[Data records]
• • • • • • •

(* Fix $\lambda\in(0,\tfrac1{16})$, $\nu=\sqrt{1-16\lambda}$, $t_1=\frac{1-\nu}{4\lambda}$, an integer $l\ge2$, $\ell=(l-1)(l+2)$, $t_i\in(0,t_1)$, and let $G(t)=\tfrac12-\lambda t$, $\beta(t)=1-2tG(t)$, $\gamma(t)=2G(t)$. For $\kappa\in\mathbb{R}$ define $D(t)=\ell+(\kappa-4)\beta'(t)-(\kappa^2-6\kappa+8)\gamma(t)$. If $\kappa\in[0,4]$, then for all $t\in[t_i,t_1]$, $D(t)\ge0$ and $D'(t)\le0$. *)

From Stdlib Require Import Reals Lra.
From Coquelicot Require Import Coquelicot.
Open Scope R_scope.

Definition Gf (lam t : R) : R := / 2 - lam * t.
Definition betaf (lam t : R) : R := 1 - 2 * t * Gf lam t.
Definition gammaf (lam t : R) : R := 2 * Gf lam t.
Definition ellR (l : nat) : R := (INR l - 1) * (INR l + 2).
Definition Df (lam : R) (l : nat) (kappa t : R) : R :=
  ellR l + (kappa - 4) * Derive (betaf lam) t
  - (kappa ^ 2 - 6 * kappa + 8) * gammaf lam t.
Definition nuR (lam : R) : R := sqrt (1 - 16 * lam).
Definition t1R (lam : R) : R := (1 - nuR lam) / (4 * lam).

(* Since beta'(t) = 4 lambda t - 1 and kappa^2 - 6 kappa + 8 = (kappa - 2)(kappa - 4), D is affine in t:
   D(t) = ell + (4 - kappa)(kappa (1 - 2 lambda t) - 1), with slope 2 lambda kappa (kappa - 4) <= 0.
   On [t_i, t_1] we have lambda t <= lambda t_1 = (1 - nu)/4 <= 1/4, so kappa (1 - 2 lambda t) >= 0
   and D(t) >= ell - (4 - kappa) >= 0 because ell >= 4. *)
From Stdlib Require Import Reals Lra.
From Coquelicot Require Import Coquelicot.
Open Scope R_scope.

Lemma Derive_betaf (lam t : R) : Derive (betaf lam) t = 4 * lam * t - 1.
Proof.
  apply is_derive_unique; unfold betaf, Gf.
  auto_derive; [exact I | field].
Qed.

Lemma Df_eq (lam : R) (l : nat) (kappa t : R) :
  Df lam l kappa t = ellR l + (4 - kappa) * (kappa * (1 - 2 * lam * t) - 1).
Proof. unfold Df, gammaf, Gf; rewrite Derive_betaf; field. Qed.

Lemma Derive_Df (lam : R) (l : nat) (kappa t : R) :
  Derive (Df lam l kappa) t = 2 * lam * (kappa * (kappa - 4)).
Proof.
  rewrite (Derive_ext _ _ _ (Df_eq lam l kappa)).
  apply is_derive_unique; auto_derive; [exact I | ring].
Qed.

Lemma ellR_ge_4 (l : nat) : (2 <= l)%nat -> 4 <= ellR l.
Proof.
  intro hl; assert (2 <= INR l) by (apply (le_INR 2); exact hl).
  unfold ellR; nra.
Qed.

Lemma lam_mul_t1R_le (lam : R) : 0 < lam -> lam * t1R lam <= / 4.
Proof.
  intro hlam; assert (0 <= nuR lam) by apply sqrt_pos.
  unfold t1R; field_simplify; lra.
Qed.

Theorem lemma1 (lam : R) (l : nat) (ti kappa : R)
  (hlam : 0 < lam < / 16) (hl : (2 <= l)%nat)
  (hti : 0 < ti < t1R lam) (hkappa : 0 <= kappa <= 4) :
  forall t : R, ti <= t <= t1R lam ->
    0 <= Df lam l kappa t /\ Derive (Df lam l kappa) t <= 0.
Proof.
  intros t ht; rewrite Df_eq, Derive_Df; split.
  - pose proof (ellR_ge_4 l hl).
    assert (hlt : lam * t <= / 4)
      by (apply Rle_trans with (lam * t1R lam); [nra | exact (lam_mul_t1R_le lam (proj1 hlam))]).
    assert (0 <= kappa * (1 - 2 * lam * t)) by (apply Rmult_le_pos; lra).
    set (x := kappa * (1 - 2 * lam * t)) in *.
    assert (0 <= (4 - kappa) * x) by (apply Rmult_le_pos; lra).
    lra.
  - apply Rmult_le_0_l; nra.
Qed.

• • • • • • •

» **WORK TO COMPLETE**
Each line from the one that includes "assert (0 <= kappa" down to the close of the records above is to be given again exactly, and no other line is to appear.

» **RESULT FOR THIS TASK**
    assert (0 <= kappa * (1 - 2 * lam * t)) by (apply Rmult_le_pos; lra).
    set (x := kappa * (1 - 2 * lam * t)) in *.
    assert (0 <= (4 - kappa) * x) by (apply Rmult_le_pos; lra).
    lra.
  - apply Rmult_le_0_l; nra.
Qed.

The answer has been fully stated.